* _TRY IT_
Reproduce the entries below exactly, but only from the line containing "move/eqP; rewrite !cat_rcons" to the line containing "rewrite eqF ?mem_head", inclusive.

* _MATERIAL PROVIDED_
◆ ◆ ◆ ◆ ◆

Theorem proposition1 (R : realType) (n p : nat) (r : 'I_n -> R)
  (hn : (1 <= n)%N) (hp : (p <= n)%N)
  (hinj : injective r) (hnz : forall k, r k != 0)
  (hpos : forall k : 'I_n, (k < p)%N -> 0 < r k)
  (hneg : forall k : 'I_n, (p <= k)%N -> r k < 0) :
  ((`|\prod_(k < n) r k|)^-1)%:E =
  (((`|vdm r|)^-1)%:E *
  \int[lebesgue_measure]_(x in `[0%R, +oo[)
     (`| \sum_(k < n | (k < p)%N)
            (-1) ^+ k.+1 * vdm (fun j : 'I_n.-1 => r (lift k j)) * expR (- r k * x) |
      + `| \sum_(k < n | (p <= k)%N)
            (-1) ^+ k.+1 * vdm (fun j : 'I_n.-1 => r (lift k j)) * expR (r k * x) |)%:E)%E.
Proof.
have lt_p (k : 'I_n) : (k < p)%N = (0 < r k).
  by case: ltnP => [/hpos -> // | /hneg /lt_gtF ->].
have le_p (k : 'I_n) : (p <= k)%N = (r k < 0).
  by rewrite leqNgt lt_p -leNgt le_eqVlt (negPf (hnz k)).
under eq_integral => x.
  rewrite inE /= in_itv /= andbT => x0.
  rewrite (eq_bigl _ _ lt_p) (eq_bigl _ _ le_p) norm_sum_signed_minors //.
  over.
rewrite integral_posexp_add_opp ?divr_ge0 //; last by rewrite -card_gt0 cardsT card_ord.
by rewrite -EFinM mulrA mulVf ?mul1r // normr_eq0 vdm_neq0.
Qed.
Lemma expect_depends_on s D h :
  depends_on D h -> depends_on (fun x => D x && (x \notin s)) (expect s h).
Proof.
elim: s D h => [|a s IH] D h hD F F' eqF /=.
  by apply: hD => x Dx; apply: eqF; rewrite Dx.
apply: eq_bigr => B _; congr (_ * _).
apply: (IH D h hD) => x /andP[Dx xs]; rewrite /update; case: eqP => // /eqP xa.
by apply: eqF; rewrite Dx in_cons negb_or xa xs.
Qed.

Lemma expect_mull s D h1 h2 F : depends_on D h1 -> (forall x, x \in s -> ~~ D x) ->
  expect s (fun F => h1 F * h2 F) F = h1 F * expect s h2 F.
Proof.
move=> hD; elim: s F => [|a s IH] F sD //=.
rewrite mulr_sumr; apply: eq_bigr => B _.
rewrite IH; last by move=> x xs; apply: sD; rewrite in_cons xs orbT.
rewrite mulrCA; congr (_ * (_ * _)); apply: hD => x Dx; rewrite /update.
case: eqP => // xa; move: (sD a); rewrite in_cons eqxx /= => /(_ isT).
by rewrite -xa => /negP /(_ Dx).
Qed.

Lemma expectZ s c h F : expect s (fun F => c * h F) F = c * expect s h F.
Proof. by apply: (@expect_mull s pred0). Qed.

Lemma expect_cat s s' h F : expect (s ++ s') h F = expect s (expect s' h) F.
Proof. by elim: s F => [|a s IH] F //=; apply: eq_bigr => B _; rewrite IH. Qed.

Lemma expectD s h1 h2 F :
  expect s (fun F => h1 F + h2 F) F = expect s h1 F + expect s h2 F.
Proof.
elim: s F => [|a s IH] F //=.
by rewrite -big_split /=; apply: eq_bigr => B _; rewrite IH mulrDr.
Qed.

Lemma expect_sum (I : finType) s (h : I -> (seq A -> {set A}) -> R) F :
  expect s (fun F => \sum_i h i F) F = \sum_i expect s (h i) F.
Proof.
elim: s F => [|a s IH] F //=.
by rewrite exchange_big /=; apply: eq_bigr => B _; rewrite IH mulr_sumr.
Qed.

Lemma expect_prod (I : seq A) (L : A -> seq (seq A))
    (h : A -> (seq A -> {set A}) -> R) F :
  uniq I -> (forall i, depends_on (fun x => x \in L i) (h i)) ->
  (forall i j x, i != j -> x \in L i -> x \notin L j) ->
  expect (flatten (map L I)) (fun F => \prod_(i <- I) h i F) F
  = \prod_(i <- I) expect (L i) (h i) F.
Proof.
move=> + hD disjL; elim: I F => [|i I IH] F /=; first by rewrite !big_nil.
case/andP => iI uI; rewrite expect_cat big_cons.
have expect_rest F' : \prod_(j <- I) expect (L j) (h j) F' =
                      \prod_(j <- I) expect (L j) (h j) F.
  apply: eq_bigr => j _; apply: (expect_depends_on (hD j)) => x.
  by rewrite andbN.
have expect_tail F' : expect (flatten (map L I)) (fun F => \prod_(j <- i :: I) h j F) F'
    = \prod_(j <- I) expect (L j) (h j) F * h i F'.
  under eq_expect do rewrite big_cons.
  rewrite (expect_mull _ _ (hD i)) ?IH ?expect_rest 1?mulrC //.
  move=> x /flattenP[_ /mapP[j jI ->] xj].
  by apply: (disjL j) => //; apply: contraNneq iI => <-.
by under eq_expect do rewrite expect_tail; rewrite expectZ mulrC.
Qed.

Hypothesis w_sum1 : forall a, \sum_B w a B = 1.
Hypothesis w_ge0 : forall a B, 0 <= w a B.

Lemma expect_cst s c F : expect s (fun _ => c) F = c.
Proof.
elim: s F => [|a s IH] F //=.
by under eq_bigr do rewrite IH; rewrite -mulr_suml w_sum1 mul1r.
Qed.

Lemma expect_1B s h F : expect s (fun F => 1 - h F) F = 1 - expect s h F.
Proof.
rewrite expectD expect_cst; congr (_ + _).
by rewrite (@eq_expect _ _ (fun F => -1 * h F)) ?expectZ ?mulN1r // => ?; rewrite mulN1r.
Qed.

Lemma ler_expect s h h' F : (forall F, h F <= h' F) -> expect s h F <= expect s h' F.
Proof.
elim: s F => [|a s IH] F hh /=; first exact: hh.
by apply: ler_sum => B _; apply: ler_wpM2l => //; apply: IH.
Qed.

Lemma expect_undup s h F : expect s h F = expect (undup s) h F.
Proof.
elim: s F => [|a s IH] F //=.
case: ifP => [as_|_] /=; last by apply: eq_bigr => B _; rewrite IH.
have expect_update B : expect s h (update F a B) = expect s h F.
  apply: (expect_depends_on (depends_onT h)) => x /= xs; rewrite /update.
  by case: eqP => // xa; rewrite xa as_ in xs.
by under eq_bigr do rewrite expect_update; rewrite -mulr_suml w_sum1 mul1r IH.
Qed.

End ProductExpectation.
Arguments expect {A R}.
Arguments update {A}.
Arguments depends_on {A T}.

Section Thinning.
Variables (A : finType) (R : realType) (Acal : {set {set A}}).

Lemma AbarS (S S' : {set A}) : S \subset S' -> Abar Acal S -> Abar Acal S'.
Proof.
move=> SS' /existsP[X /andP[XA XS]]; apply/existsP; exists X.
by rewrite XA (fintype.subset_trans XS SS').
Qed.

Lemma gAE (p : {set A} -> R) u : gA Acal p u =
  \sum_B \sum_(Y : {set A})
    (~~ Abar Acal (B :&: Y))%:R * (p B * (1 - u) ^+ #|Y| * u ^+ #|~: Y|).
Proof.
rewrite /gA /thin_law big_mkcond /=.
under eq_bigr do rewrite -mulrb -mulr_natl mulr_sumr; rewrite exchange_big.
apply: eq_bigr => B _; under eq_bigr do rewrite mulr_sumr; rewrite exchange_big.
apply: eq_bigr => Y _; rewrite (bigD1 (B :&: Y)) //= eqxx big1 ?addr0 // => C.
by move=> /negbTE->; rewrite mulr0.
Qed.

Lemma prodr_mem_eq (f : A -> bool) (C : {set A}) :
  \prod_i (f i == (i \in C))%:R = ([set i | f i]%SET == C)%:R :> R.
Proof.
have [/forallP fC|/forallPn[i fiC]] := boolP [forall i, f i == (i \in C)].
  have -> : [set i | f i]%SET = C by apply/setP => i; rewrite inE; apply/eqP/fC.
  by rewrite eqxx big1 // => i _; rewrite fC.
rewrite (bigD1 i) //= (negbTE fiC) mul0r; case: eqP => // fE.
by rewrite -fE inE eqxx in fiC.
Qed.

Lemma sum_set_pattern (f : A -> bool) (phi : {set A} -> R) :
  \sum_C phi C * \prod_i (f i == (i \in C))%:R = phi [set i | f i]%SET.
Proof.
under eq_bigr do rewrite prodr_mem_eq.
rewrite (bigD1 [set i | f i]%SET) //= eqxx mulr1 big1 ?addr0 // => C.
by rewrite eq_sym => /negbTE->; rewrite mulr0.
Qed.

Lemma prodr_mem_if (C : {set A}) (x y : R) :
  \prod_i (if i \in C then x else y) = x ^+ #|C| * y ^+ #|~: C|.
Proof.
rewrite (bigID (mem C)) /=; congr (_ * _).
  by rewrite (eq_bigr (fun _ => x)) ?prodr_const // => i ->.
rewrite (eq_bigr (fun _ => y)) => [|i /negbTE-> //].
by rewrite -prodr_const; apply: eq_bigl => i; rewrite inE.
Qed.

End Thinning.

Section TruncatedSubtrees.
Variables (A : finType) (Acal : {set {set A}}).
Implicit Types (F : seq A -> {set A}) (a : seq A).

Fixpoint descendants m a : seq (seq A) :=
  if m is m'.+1 then a :: flatten [seq descendants m' (rcons a i) | i <- index_enum A]
  else [:: a].

Definition strict_descendants m a :=
  flatten [seq descendants m (rcons a i) | i <- index_enum A].

Lemma descendantsS m a : descendants m.+1 a = a :: strict_descendants m a.
Proof. by []. Qed.

Lemma descendantsP m a x :
  x \in descendants m a -> exists2 b, x = a ++ b & (size b <= m)%N.
Proof.
elim: m a => [|m IH] a /=.
  by rewrite inE => /eqP ->; exists [::]; rewrite ?cats0.
rewrite in_cons => /orP[/eqP ->|]; first by exists [::]; rewrite ?cats0.
move=> /flattenP[l /mapP[i _ ->] /IH[b -> sb]].
by exists (i :: b); rewrite ?cat_rcons.
Qed.

Lemma descendants_disjoint m a i j x :
  i != j -> x \in descendants m (rcons a i) -> x \notin descendants m (rcons a j).
Proof.
move=> ij /descendantsP[b -> _]; apply/negP => /descendantsP[b' + _].
move/eqP; rewrite !cat_rcons eqseq_cat // eqseq_cons => /andP[_ /andP[/eqP eij _]].
by rewrite eij eqxx in ij.
Qed.

Lemma root_notin_strict_descendants m a : a \notin strict_descendants m a.
Proof.
apply/negP => /flattenP[_ /mapP[i _ ->] /descendantsP[b /(congr1 size)]].
by rewrite size_cat size_rcons; lia.
Qed.

Lemma descendants_rcons m a i x :
  x \in descendants m (rcons a i) -> x \in descendants m.+1 a.
Proof.
move=> xD; rewrite /= in_cons; apply/orP; right; apply/flattenP.
by exists (descendants m (rcons a i)) => //; apply/map_f; rewrite mem_index_enum.
Qed.

(* [F] has an [Acal]-subtree of height [m] rooted at [a] whose vertices at
   height [m] have offspring sets satisfying [bt]. *)
Fixpoint has_subtree_upto (bt : pred {set A}) F a m : bool :=
  if m is m'.+1 then
    Abar Acal [set i in F a | has_subtree_upto bt F (rcons a i) m']%SET
  else bt (F a).

Lemma has_subtree_upto_depends_on bt m a :
  depends_on (fun x => x \in descendants m a) (fun F => has_subtree_upto bt F a m).
Proof.
elim: m a => [|m IH] a F F' eqF /=; first by rewrite eqF // inE.
rewrite eqF ?mem_head //; congr (Abar Acal _); apply/setP => i; rewrite !inE.
by congr (_ && _); apply: IH => x /descendants_rcons; apply: eqF.
Qed.

Lemma has_subtree_upto_predT bt F a m :
  has_subtree_upto bt F a m -> has_subtree_upto xpredT F a m.
Proof.
elim: m a => [|m IH] a //=; apply: AbarS.
by apply/fintype.subsetP => i; rewrite !inE => /andP[-> /IH].
Qed.

Lemma has_subtree_upto_leq F a m n : (m <= n)%N ->
  has_subtree_upto xpredT F a n -> has_subtree_upto xpredT F a m.
Proof.
elim: n m a => [|n IH] [|m] a //= mn; apply: AbarS.
by apply/fintype.subsetP => i; rewrite !inE => /andP[-> /IH ->].
Qed.

End TruncatedSubtrees.

Section Recursion.
Variables (A : finType) (R : realType) (Acal : {set {set A}}).
Local Notation has := (has_subtree_upto Acal).

Section Step.
Variable w : seq A -> {set A} -> R.
Hypothesis w_sum1 : forall a, \sum_B w a B = 1.

Lemma expect_no_subtree_step bt m a u F :
  (forall i F, expect w (descendants m (rcons a i))
                 (fun F => (~~ has bt F (rcons a i) m)%:R) F = u) ->
  expect w (strict_descendants m a) (fun F => (~~ has bt F a m.+1)%:R) F
  = \sum_C (~~ Abar Acal (F a :&: C))%:R * ((1 - u) ^+ #|C| * u ^+ #|~: C|).
Proof.
move=> IH.
(* Condition on the set [C] of children carrying subtrees of height [m]: the
   factors for distinct children involve disjoint sets of words. *)
have split_root F0 : (~~ has bt F0 a m.+1)%:R = \sum_C
    (~~ Abar Acal (F0 a :&: C))%:R
    * \prod_i (has bt F0 (rcons a i) m == (i \in C))%:R :> R.
  by rewrite sum_set_pattern /= setIdE.
under eq_expect do rewrite split_root.
rewrite expect_sum; apply: eq_bigr => C _ /=.
rewrite (@expect_mull _ _ w _ (pred1 a) (fun F => (~~ Abar Acal (F a :&: C))%:R));
  first last.
- by move=> x; apply: contraTneq => ->; apply: root_notin_strict_descendants.
- by move=> F1 F2 eqF; rewrite eqF //= eqxx.
congr (_ * _); rewrite /strict_descendants expect_prod; first last.
- by move=> i j x; apply: descendants_disjoint.
- by move=> i F1 F2 /has_subtree_upto_depends_on ->.
- exact: index_enum_uniq.
rewrite -prodr_mem_if; apply: eq_bigr => i _.
case: (i \in C); rewrite -(IH i F) -?(expect_1B w_sum1);
  by apply: eq_expect => F0; case: has; rewrite /= ?subr0 ?subrr.
Qed.

End Step.

Section LevelLaw.
Variables (p q : {set A} -> R) (N : nat).
Hypotheses (p_sum1 : \sum_B p B = 1) (q_sum1 : \sum_B q B = 1).

Definition level_law (x : seq A) := if (size x < N)%N then p else q.

Lemma level_law_sum1 x : \sum_B level_law x B = 1.
Proof. by rewrite /level_law; case: ifP. Qed.

Lemma expect_no_subtree_level bt m a F : (size a + m)%N = N ->
  expect level_law (descendants m a) (fun F => (~~ has bt F a m)%:R) F
  = iter m (gA Acal p) (\sum_B q B * (~~ bt B)%:R).
Proof.
elim: m a F => [|m IH] a F sizeN.
  rewrite addn0 in sizeN; rewrite /= /level_law sizeN ltnn.
  by apply: eq_bigr => B _; rewrite /update eqxx.
rewrite iterS; set u := iter m _ _.
have children_no_subtree i F' : expect level_law (descendants m (rcons a i))
    (fun F => (~~ has bt F (rcons a i) m)%:R) F' = u.
  by apply: IH; rewrite size_rcons addSnnS.
rewrite descendantsS expect_cons gAE {1}/level_law ifT; last by lia.
apply: eq_bigr => B _.
rewrite (expect_no_subtree_step level_law_sum1 _ children_no_subtree).
rewrite /update eqxx mulr_sumr; apply: eq_bigr => Y _.
by rewrite mulrCA !mulrA.
Qed.

End LevelLaw.

Section Iterates.
Variable p : {set A} -> R.
Hypotheses (p_sum1 : \sum_B p B = 1) (p_ge0 : forall B, 0 <= p B).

◆ ◆ ◆ ◆ ◆

* _EXERCISE SOLUTION_
move/eqP; rewrite !cat_rcons eqseq_cat // eqseq_cons => /andP[_ /andP[/eqP eij _]].
by rewrite eij eqxx in ij.
Qed.

Lemma root_notin_strict_descendants m a : a \notin strict_descendants m a.
Proof.
apply/negP => /flattenP[_ /mapP[i _ ->] /descendantsP[b /(congr1 size)]].
by rewrite size_cat size_rcons; lia.
Qed.

Lemma descendants_rcons m a i x :
  x \in descendants m (rcons a i) -> x \in descendants m.+1 a.
Proof.
move=> xD; rewrite /= in_cons; apply/orP; right; apply/flattenP.
by exists (descendants m (rcons a i)) => //; apply/map_f; rewrite mem_index_enum.
Qed.

(* [F] has an [Acal]-subtree of height [m] rooted at [a] whose vertices at
   height [m] have offspring sets satisfying [bt]. *)
Fixpoint has_subtree_upto (bt : pred {set A}) F a m : bool :=
  if m is m'.+1 then
    Abar Acal [set i in F a | has_subtree_upto bt F (rcons a i) m']%SET
  else bt (F a).

Lemma has_subtree_upto_depends_on bt m a :
  depends_on (fun x => x \in descendants m a) (fun F => has_subtree_upto bt F a m).
Proof.
elim: m a => [|m IH] a F F' eqF /=; first by rewrite eqF // inE.
rewrite eqF ?mem_head //; congr (Abar Acal _); apply/setP => i; rewrite !inE.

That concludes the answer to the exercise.